# SBF .621



## SC trailbuilder (Jul 13, 2011)

Need a little help,trying to run 621 sbf but windows cant open it what program do I use? I tried to sbf back to froyo ( ya I know) now stuck at bootloader how do I sbf back to .621? even if I loose root. Thank you


----------



## Goose306 (Sep 12, 2011)

SC trailbuilder said:


> Need a little help,trying to run 621 sbf but windows cant open it what program do I use? I tried to sbf back to froyo ( ya I know) now stuck at bootloader how do I sbf back to .621? even if I loose root. Thank you


If your doing it on Windows you'll want the RSD Lite version... have you ever SBF'd before? Were you on .621 or .602/.605? If you were on .602/.605 you'll want either the .602 or .605 SBF. You only want to use the .621 SBF if you are on .621 and bricked and have no further options.

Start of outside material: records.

(* cofactor matrix Cof A (so that A (Cof A)^T = det A * 1) *)
Definition Cof (A : Mat) : Mat := fun i j =>
  A (nx i) (nx j) * A (nn i) (nn j) - A (nx i) (nn j) * A (nn i) (nx j).
Definition det3 (A : Mat) : R := sum3 (fun j => A 0%nat j * Cof A 0%nat j).
Definition inv3 (A : Mat) : Mat := mscale (/ det3 A) (trans (Cof A)).

Definition I1 (X : Mat) : R := tr X.
Definition I2 (X : Mat) : R := tr (Cof X).
Definition I3 (X : Mat) : R := det3 X.

Definition dev3 (X : Mat) : Mat := madd X (mscale (- (tr X / 3)) Id3).

Definition inner (X Y : Mat) : R := tr (mmul X (trans Y)).
Definition fnorm (X : Mat) : R := sqrt (inner X X).

Definition Sym3 (A : Mat) : Prop :=
  forall i j, (i < 3)%nat -> (j < 3)%nat -> A i j = A j i.

Definition PSym3 (A : Mat) : Prop :=
  Sym3 A /\
  forall x : nat -> R, (exists i, (i < 3)%nat /\ x i <> 0) ->
    0 < sum3 (fun i => sum3 (fun j => x i * A i j * x j)).

Definition is_gradient (f : Mat -> R) (X G : Mat) : Prop :=
  forall eps, 0 < eps -> exists delta, 0 < delta /\
    forall H : Mat, fnorm H < delta ->
      Rabs (f (madd X H) - f X - inner G H) <= eps * fnorm H.

(* open positive orthant (0,oo)^3, the set of possible invariants of PSym(3) *)
Definition orthant (a b c : R) : Prop := 0 < a /\ 0 < b /\ 0 < c.
(* [(x+1) e^w - (z + x + 1) = (x+1)(e^w - 1 - w) + z((x+1) L - 1)] with [w = z L],
   [L = ln (x+1) - ln x]: both terms are [O(1/x)] and the denominator is [~ x]. *)
Lemma gauss_ratio_bound (z : C) (x : R) : 1 <= x -> 2 * Cmod z + 2 <= x ->
  Cmod (RtoC (x + 1) * cexp (z * RtoC (ln (x + 1) - ln x)) / (z + RtoC (x + 1)) - 1)%C
  <= 2 * (12 * Cmod z ^ 2 + Cmod z) / x ^ 2.
Proof.
  intros Hx1 Hx2.
  destruct (ln_succ_sub_bounds x Hx1) as [[L0 L1] [L2 L3]].
  set (L := ln (x + 1) - ln x) in *.
  set (w := (z * L)%C). set (E := cexp w).
  pose proof (Cmod_ge_0 z) as Hz0.
  assert (Hw : Cmod w <= Cmod z / x).
  { unfold w. rewrite Cmod_mult, Cmod_R, Rabs_right by lra.
    unfold Rdiv. apply Rmult_le_compat_l; lra. }
  assert (Hw2 : Cmod w <= / 2).
  { eapply Rle_trans; [apply Hw|]. apply Rmult_le_reg_r with x; [lra|].
    unfold Rdiv. rewrite Rmult_assoc, Rinv_l by lra. lra. }
  pose proof (cexp_taylor1_le w Hw2) as HE. fold E in HE.
  pose proof (Cmod_add_real_ge z (x + 1) ltac:(lra)) as HD.
  set (Dn := (z + RtoC (x + 1))%C) in *.
  assert (HDnz : Dn <> 0) by (intro E0; rewrite E0, Cmod_0 in HD; lra).
  set (N := (RtoC (x + 1) * (E - 1 - w) + z * RtoC ((x + 1) * L - 1))%C).
  replace (RtoC (x + 1) * E / Dn - 1)%C with (N / Dn)%C.
  2:{ unfold N, w, Dn in *. rewrite RtoC_minus, RtoC_mult. field. exact HDnz. }
  rewrite Cmod_div by exact HDnz.
  assert (HNb : Cmod N <= (12 * Cmod z ^ 2 + Cmod z) / x).
  { unfold N. eapply Rle_trans; [apply Cmod_triangle|].
    rewrite !Cmod_mult, !Cmod_R, (Rabs_right (x + 1)), (Rabs_right ((x + 1) * L - 1)) by lra.
    assert (A1 : (x + 1) * Cmod (E - 1 - w) <= 12 * Cmod z ^ 2 / x).
    { assert (Cmod w ^ 2 <= (Cmod z / x) ^ 2) by (apply pow_incr; split; auto using Cmod_ge_0).
      assert (0 <= (Cmod z / x) ^ 2) by apply pow2_ge_0.
      apply Rle_trans with ((x + 1) * (6 * (Cmod z / x) ^ 2)).
      - apply Rmult_le_compat_l; lra.
      - replace (12 * Cmod z ^ 2 / x) with (2 * x * 6 * (Cmod z / x) ^ 2) by (field; lra).
        nra. }
    assert (A2 : Cmod z * ((x + 1) * L - 1) <= Cmod z / x)
      by (unfold Rdiv; apply Rmult_le_compat_l; lra).
    unfold Rdiv in *. lra. }
  apply Rle_trans with (((12 * Cmod z ^ 2 + Cmod z) / x) / (x / 2)).
  - unfold Rdiv at 1 3. apply Rmult_le_compat; auto using Cmod_ge_0.
    + left; apply Rinv_0_lt_compat; lra.
    + apply Rinv_le_contravar; lra.
  - right. field. lra.
Qed.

For SBF tut you can see here:
http://rootzwiki.com/topic/331-guide-flashing-droid-x-sbf/

If, for some reason you need a .621 SBF I keep one in my dropbox for safekeeping, just click the link in my sig.


----------



## SC trailbuilder (Jul 13, 2011)

I was on .621 and tried to use 1kds sbf back to froyo so was on .621 rooted with voodoo. could not help my self tried to go back now bricked.i have rds lite but windows can't open it or the sbf file. I have sbf'd a lot using 1kds disk


----------



## Goose306 (Sep 12, 2011)

SC trailbuilder said:


> I was on .621 and tried to use 1kds sbf back to froyo so was on .621 rooted with voodoo. could not help my self tried to go back now bricked.i have rds lite but windows can't open it or the sbf file. I have sbf'd a lot using 1kds disk


I believe 1kds has a disc for .621 if you need it and are more familiar with using those. They are a bit easier, I've just always used RSD because I got it working on my computer and I like having the ability to update my radios with my SBF files (though can't change them seperately, but still).

You can try pm'ing him over @DXF, I noticed the last page of the SBF Disc thread he was mentioning he had a .621 test disc.


----------



## SC trailbuilder (Jul 13, 2011)

Thank you for your help I am back (with out root) but working I needed to install winzip to open the sbf and rsd fines after that it was simple. Thank you again for your time.


----------